How can SPF/DKIM pass, and yet DMARC fail?

Email Security InsightsTechnical Guidance

DMARC introduces the concept of “Identifier Alignment” to the world of email. The concept is needed as SPF and DKIM are stand-alone technologies capable of associating a domain with a piece of email.

When a receiver uses SPF, the receiver looks at the domain found in the RFC5321.MailFrom to figure out where to look for an SPF record. The RFC5321.MailFrom address is the entity that is passed along as part of the “MAIL FROM” command during the SMTP conversation. To make matters worse, this address is also called the “bounce address,” the “envelope address,” the “SPF address,” or the “ReturnPath” address (as it is copied into the content of the email messages as the ReturnPath: header by the email receiver!). When an SPF check successfully completes, the receivers ends up with an “Authenticated Identifier” that is the domain of the RFC5321.MailFrom.

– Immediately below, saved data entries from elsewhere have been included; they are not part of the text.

(* Let $m\ge0$ be an integer. Every $f\in LC(O,K)$ can be expanded uniquely as $$f(x)=\sum_{n=0}^\infty\beta_n^{(m)}\,\mathcal{D}_n(x)^{q^m}\qquad(x\in O),$$ with $\beta_n^{(m)}\in K$, $\beta_n^{(m)}\to0$, where the coefficients are given by $$\beta_n^{(m)}=\big((\Delta-[m]I)^nf\big)(1)=\sum_{i=0}^n\sum_{j=i}^n(-1)^{n-i}\binom{n}{j}[m]^{n-j}f(T^i)\,\mathcal{D}_i(T^j).$$
   Context: Let $q$ be a prime power, $K=\mathbf{F}_q((T))$, $O=\mathbf{F}_q[[T]]$, with $T$-adic absolute value, and $LC(O,K)$ the $K$-Banach space (sup-norm) of continuous $\mathbf{F}_q$-linear functions $O\to K$. Put $[m]=T^{q^m}-T$ (so $[0]=0$). Hasse derivatives: $\mathcal{D}_n(\sum_ia_iT^i)=\sum_i\binom{i}{n}a_iT^{i-n}$ (binomials in $\mathbf{F}_q$). The Carlitz difference operator $\Delta$ on $LC(O,K)$ is $(\Delta f)(x)=f(Tx)-Tf(x)$, and $I$ is the identity operator; binomial coefficients $\binom{n}{j}$ are read in $\mathbf{F}_q$. *)

(* K = F_q((T)) as lower-bounded coefficient families
   int -> F_q; O = F_q[[T]] as coefficient sequences nat -> F_q. *)
From HB Require Import structures.
From mathcomp Require Import all_boot all_order all_algebra zify.
From Stdlib Require Import ClassicalEpsilon.
Set Implicit Arguments. Unset Strict Implicit. Unset Printing Implicit Defensive.
Import Order.TTheory GRing.Theory Num.Theory.
Local Open Scope ring_scope.
(* Let $G_0$ be the group of homeomorphisms of $\mathbb{R}$ defined in the context. The center of $G_0$ is trivial.
   Context: $G_0$ is the group of homeomorphisms of $\mathbb{R}$ generated by the following maps: - $a(t)=t+1$; - $b$, where $b(t)=t$ for $t\le 0$, $b(t)=t/(1-t)$ for $0\le t\le 1/2$, $b(t)=(3t-1)/t$ for $1/2\le t\le 1$, and $b(t)=t+1$ for $t\ge 1$; - $c$, where $c(t)=2t/(t+1)$ for $0\le t\le 1$ and $c(t)=t$ otherwise. *)

From Stdlib Require Import Reals.
Open Scope R_scope.

Definition gen_a (t : R) : R := t + 1.

Definition gen_b (t : R) : R :=
  if Rle_dec t 0 then t
  else if Rle_dec t (1/2) then t / (1 - t)
  else if Rle_dec t 1 then (3 * t - 1) / t
  else t + 1.

Definition gen_c (t : R) : R :=
  if Rle_dec 0 t then (if Rle_dec t 1 then 2 * t / (t + 1) else t) else t.

Inductive G0 : (R -> R) -> Prop :=
| G0_id : G0 (fun t => t)
| G0_a : G0 gen_a
| G0_b : G0 gen_b
| G0_c : G0 gen_c
| G0_comp : forall f g, G0 f -> G0 g -> G0 (fun t => f (g t))
| G0_inv : forall f g, G0 f ->
    (forall t, f (g t) = t) -> (forall t, g (f t) = t) -> G0 g.

From Stdlib Require Import Reals Lra ZArith.
Open Scope R_scope.

(* Every element of G0 is strictly increasing, so it suffices that a central
   element g fixes a dense set of points.  Commuting with a and b forces
   g 0 = 0, since b fixes exactly the nonpositive reals and b t = t + 1 exactly
   for t >= 1; hence g fixes the integers.  As b (1/(j+2)) = 1/(j+1) and c maps
   2^k/(2^k+j) to 2^(k+1)/(2^(k+1)+j), g also fixes every 2^k/(2^k+j), and
   these points together with their integer translates are dense. *)

Lemma Rdiv_lt_cross a b c d : 0 < b -> 0 < d -> a * d < c * b -> a / b < c / d.
Proof.
  intros Hb Hd H; apply (Rmult_lt_reg_r (b * d)); [nra|].
  replace (a / b * (b * d)) with (a * d) by (field; lra).
  replace (c / d * (b * d)) with (c * b) by (field; lra).
  exact H.
Qed.

Ltac cross_multiply :=
  match goal with
  | |- _ / _ < _ / _ => apply Rdiv_lt_cross
  | |- _ / _ < ?c => rewrite <- (Rdiv_1_r c); apply Rdiv_lt_cross
  | |- ?a < _ / _ => rewrite <- (Rdiv_1_r a); apply Rdiv_lt_cross
  end.

Lemma gen_b_strict_increasing : strict_increasing gen_b.
Proof.
  intros x y Hxy; unfold gen_b.
  destruct (Rle_dec x 0), (Rle_dec y 0); try lra;
  destruct (Rle_dec x (1/2)), (Rle_dec y (1/2)); try lra;
  destruct (Rle_dec x 1), (Rle_dec y 1); try lra;
  cross_multiply; nra.
Qed.

Lemma gen_c_strict_increasing : strict_increasing gen_c.
Proof.
  intros x y Hxy; unfold gen_c.
  destruct (Rle_dec 0 x), (Rle_dec 0 y); try lra;
  destruct (Rle_dec x 1), (Rle_dec y 1); try lra;
  cross_multiply; nra.
Qed.

Lemma strict_increasing_inverse f g :
  strict_increasing f -> (forall t, f (g t) = t) -> strict_increasing g.
Proof.
  intros Hf Hfg x y Hxy.
  destruct (Rlt_or_le (g x) (g y)) as [Hlt | [Hgt | Heq]]; [exact Hlt | |].
  - apply Hf in Hgt; rewrite !Hfg in Hgt; lra.
  - apply (f_equal f) in Heq; rewrite !Hfg in Heq; lra.
Qed.

Lemma G0_strict_increasing f : G0 f -> strict_increasing f.
Proof.
  induction 1 as [| | | | f g _ IHf _ IHg | f g _ IHf Hfg _].
  - now intros x y.
  - intros x y Hxy; unfold gen_a; lra.
  - exact gen_b_strict_increasing.
  - exact gen_c_strict_increasing.
  - intros x y Hxy; apply IHf, IHg, Hxy.
  - exact (strict_increasing_inverse f g IHf Hfg).
Qed.

Lemma strict_increasing_eq_id_of_dense_fixpoints g :
  strict_increasing g ->
  (forall u v, u < v -> exists p, g p = p /\ u < p < v) ->
  forall x, g x = x.
Proof.
  intros Hg Hdense x.
  destruct (Rtotal_order (g x) x) as [Hlt | [Heq | Hgt]]; [| exact Heq |].
  - destruct (Hdense _ _ Hlt) as [p [Hp [Hxp Hpx]]].
    specialize (Hg p x Hpx); lra.
  - destruct (Hdense _ _ Hgt) as [p [Hp [Hxp Hpx]]].
    specialize (Hg x p Hxp); lra.
Qed.

Lemma gen_b_fixpoint_nonpos t : gen_b t = t -> t <= 0.
Proof.
  unfold gen_b; intro H.
  destruct (Rle_dec t 0); [assumption|].
  destruct (Rle_dec t (1/2)); [|destruct (Rle_dec t 1)]; exfalso.
  - assert (t = t * (1 - t)) by (rewrite <- H at 2; field; lra); nra.
  - assert (3 * t - 1 = t * t) by (rewrite <- H at 2; field; lra); nra.
  - lra.
Qed.

Lemma gen_b_shift_ge1 t : gen_b t = t + 1 -> 1 <= t.
Proof.
  unfold gen_b; intro H.
  destruct (Rle_dec t 0); [lra|].
  destruct (Rle_dec t (1/2)); [|destruct (Rle_dec t 1)]; [exfalso | | lra].
  - assert (t = (t + 1) * (1 - t)) by (rewrite <- H; field; lra); nra.
  - assert (3 * t - 1 = (t + 1) * t) by (rewrite <- H; field; lra); nra.
Qed.

Lemma gen_b_0 : gen_b 0 = 0.
Proof. unfold gen_b; destruct (Rle_dec 0 0); lra. Qed.

Lemma gen_b_1 : gen_b 1 = 1 + 1.
Proof.
  unfold gen_b; destruct (Rle_dec 1 0), (Rle_dec 1 (1/2)), (Rle_dec 1 1); lra.
Qed.

Lemma gen_b_le_half t : 0 < t <= 1/2 -> gen_b t = t / (1 - t).
Proof.
  intros [Ht0 Ht]; unfold gen_b.
  destruct (Rle_dec t 0), (Rle_dec t (1/2)); lra.
Qed.

Lemma gen_c_unit_interval t : 0 <= t <= 1 -> gen_c t = 2 * t / (t + 1).
Proof.
  intros [Ht0 Ht]; unfold gen_c.
  destruct (Rle_dec 0 t), (Rle_dec t 1); lra.
Qed.

Lemma exists_nat_between x : 0 <= x -> exists n, x < INR n <= x + 1.
Proof.
  intro Hx; destruct (archimed x) as [Hup Hup1].
  exists (Z.to_nat (up x)).
  rewrite INR_IZR_INZ, Z2Nat.id by (apply le_IZR; lra); lra.
Qed.

Lemma pow2_ratio_between u v :
  0 < u -> u < v -> v <= 1 ->
  exists k j, u < 2 ^ k / (2 ^ k + INR j) < v.
Proof.
  intros Hu Huv Hv.
  set (d := 1 / u - 1 / v).
  assert (Hd : 0 < d).
  { unfold d; apply Rlt_0_minus; unfold Rdiv; rewrite !Rmult_1_l.
    apply Rinv_lt_contravar; nra. }
  (* Once 2^k d > 1, the interval (2^k/v, 2^k/u) of length 2^k d contains
     an integer 2^k + j. *)
  destruct (INR_unbounded (1 / d)) as [k Hk].
  set (K := 2 ^ k).
  assert (HK : 1 / d < K).
  { pose proof (poly k 1 Rlt_0_1) as Hpow; unfold K.
    replace (1 + 1) with 2 in Hpow by ring; lra. }
  assert (HKd : 1 < K * d).
  { apply (Rmult_lt_reg_r (/ d)); [now apply Rinv_0_lt_compat|].
    replace (K * d * / d) with K by (field; lra); lra. }
  assert (HK0 : 0 < K) by (apply pow_lt; lra).
  assert (HKv : K <= K / v).
  { apply (Rmult_le_reg_r v); [lra|].
    replace (K / v * v) with K by (field; lra); nra. }
  destruct (exists_nat_between (K / v - K)) as [j Hj]; [lra|].
  exists k, j; fold K.
  assert (Hm : 0 < K + INR j) by lra.
  split.
  - apply (Rmult_lt_reg_r ((K + INR j) / u)); [now apply Rdiv_lt_0_compat|].
    replace (u * ((K + INR j) / u)) with (K + INR j) by (field; lra).
    replace (K / (K + INR j) * ((K + INR j) / u)) with (K / v + K * d)
      by (unfold d; field; lra).
    lra.
  - apply (Rmult_lt_reg_r ((K + INR j) / v)); [apply Rdiv_lt_0_compat; lra|].
    replace (v * ((K + INR j) / v)) with (K + INR j) by (field; lra).
    replace (K / (K + INR j) * ((K + INR j) / v)) with (K / v) by (field; lra).
    lra.
Qed.

Lemma shift_IZR_of_shift_1 (g : R -> R) :
  (forall t, g (t + 1) = g t + 1) -> forall z t, g (t + IZR z) = g t + IZR z.
Proof.
  intros Hg z; induction z as [| z IH | z IH] using Z.peano_ind; intro t.
  - now rewrite !Rplus_0_r.
  - rewrite succ_IZR, <- !Rplus_assoc, Hg, IH; ring.
  - specialize (IH t).
    rewrite <- (Z.succ_pred z), succ_IZR, <- !Rplus_assoc, Hg in IH; lra.
Qed.

Section CentralElement.

Variable g : R -> R.
Hypothesis g_a : forall t, g (t + 1) = g t + 1.
Hypothesis g_b : forall t, g (gen_b t) = gen_b (g t).
Hypothesis g_c : forall t, g (gen_c t) = gen_c (g t).

Lemma central_fixes_0 : g 0 = 0.
Proof.
  assert (H0 : g 0 <= 0).
  { apply gen_b_fixpoint_nonpos; rewrite <- g_b, gen_b_0; reflexivity. }
  assert (H1 : 1 <= g 1).
  { apply gen_b_shift_ge1; rewrite <- g_b, gen_b_1, g_a; reflexivity. }
  rewrite <- (Rplus_0_l 1), g_a in H1; lra.
Qed.

Lemma central_fixes_of_gen_b t : g (gen_b t) = gen_b t -> g t = t.
Proof.
  rewrite g_b; intro H.
  destruct (Rtotal_order (g t) t) as [Hlt | [Heq | Hgt]]; [| exact Heq |].
  - apply gen_b_strict_increasing in Hlt; lra.
  - apply gen_b_strict_increasing in Hgt; lra.
Qed.

Lemma central_fixes_unit_fraction j : g (1 / (1 + INR j)) = 1 / (1 + INR j).
Proof.
  induction j as [| j IH].
  - rewrite <- (Rplus_0_l (1 / (1 + INR 0))); simpl INR.
    replace (1 / (1 + 0)) with 1 by field.
    now rewrite g_a, central_fixes_0.
  - pose proof (pos_INR j) as Hj.
    apply central_fixes_of_gen_b; rewrite S_INR, gen_b_le_half.
    + replace (1 / (1 + (INR j + 1)) / (1 - 1 / (1 + (INR j + 1))))
        with (1 / (1 + INR j)) by (field; lra).
      exact IH.
    + split; [apply Rdiv_lt_0_compat; lra|].
      apply (Rmult_le_reg_r (2 * (1 + (INR j + 1)))); [lra|].
      replace (1 / (1 + (INR j + 1)) * (2 * (1 + (INR j + 1)))) with 2
        by (field; lra).
      lra.
Qed.

Lemma central_fixes_pow2_ratio k j :
  g (2 ^ k / (2 ^ k + INR j)) = 2 ^ k / (2 ^ k + INR j).
Proof.
  induction k as [| k IH].
  - exact (central_fixes_unit_fraction j).
  - pose proof (pos_INR j) as Hj.
    assert (HK : 0 < 2 ^ k) by (apply pow_lt; lra).
    assert (Hc : gen_c (2 ^ k / (2 ^ k + INR j)) = 2 ^ S k / (2 ^ S k + INR j)).
    { rewrite gen_c_unit_interval; [simpl; field; lra|].
      split; [apply Rlt_le, Rdiv_lt_0_compat; lra|].
      apply (Rmult_le_reg_r (2 ^ k + INR j)); [lra|].
      replace (2 ^ k / (2 ^ k + INR j) * (2 ^ k + INR j)) with (2 ^ k)
        by (field; lra).
      lra. }
    now rewrite <- Hc, g_c, IH.
Qed.

Lemma central_fixpoints_dense u v : u < v -> exists p, g p = p /\ u < p < v.
Proof.
  intro Huv.
  destruct (base_Int_part u) as [Hn Hn1].
  set (n := Int_part u) in Hn, Hn1.
  set (v' := Rmin (v - IZR n) 1).
  assert (Hv' : 0 < v' <= 1) by (split; [apply Rmin_glb_lt; lra | apply Rmin_r]).
  assert (Hvv' : v' <= v - IZR n) by apply Rmin_l.
  set (u' := Rmax (u - IZR n) (v' / 2)).
  assert (Huu' : u - IZR n <= u') by apply Rmax_l.
  assert (Hu'0 : v' / 2 <= u') by apply Rmax_r.
  assert (Hu'v' : u' < v') by (apply Rmax_lub_lt; [apply Rmin_glb_lt |]; lra).
  destruct (pow2_ratio_between u' v') as [k [j Hp]]; [lra | exact Hu'v' | apply Hv' |].
  exists (2 ^ k / (2 ^ k + INR j) + IZR n); split.
  - now rewrite (shift_IZR_of_shift_1 g g_a), central_fixes_pow2_ratio.
  - lra.
Qed.

End CentralElement.

Theorem mainTheorem7 :
  forall g : R -> R, G0 g ->
    (forall h : R -> R, G0 h -> forall t : R, g (h t) = h (g t)) ->
    forall t : R, g t = t.
Proof.
  intros g Hg Hcentral.
  apply strict_increasing_eq_id_of_dense_fixpoints.
  - exact (G0_strict_increasing g Hg).
  - apply central_fixpoints_dense.
    + exact (Hcentral gen_a G0_a).
    + exact (Hcentral gen_b G0_b).
    + exact (Hcentral gen_c G0_c).
Qed.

DKIM is similar in that it also generates an “Authenticated Identifier.” However, DKIM’s identifier comes from the “d=” tag that is part of every DKIM signature.

In the DMARC world, any Authenticated Identifier has to be relevant to the domain that DMARC is looking at, and that is always the domain found in the From: header of an email.

Identifier Alignment is therefore the process of checking to make sure the domains that are authenticated by SPF and DKIM are relevant to the domain found in an email’s From: header.

Those who are new to DMARC often find this concept confusing.

Identifier Alignment is required as anyone can deploy SPF and DKIM for any piece of email today. If a criminal is trying to spoof bank.com and sets up a domain criminal.net to get SPF and DKIM into place, just because SPF and DKIM both pass doesn’t mean the authentication has anything to do with bank.com.

Similarly, email receivers cannot maintain huge lists that associate email domains together—they have to process email as quickly as possible without trying to tease out the subtle nuances between domains.  For example, if your Email Service Provider is using “banknewsletter.com” for both SPF and DKIM while sending on behalf of bank.com, the internet’s email receiving infrastructure has no idea if banknewsletter.com is legitimate, a carefully created phishing site, or owned and operated by the same entity as bank.com.

Identifier Alignment is how existing email authentication technologies are made relevant to the content of an email.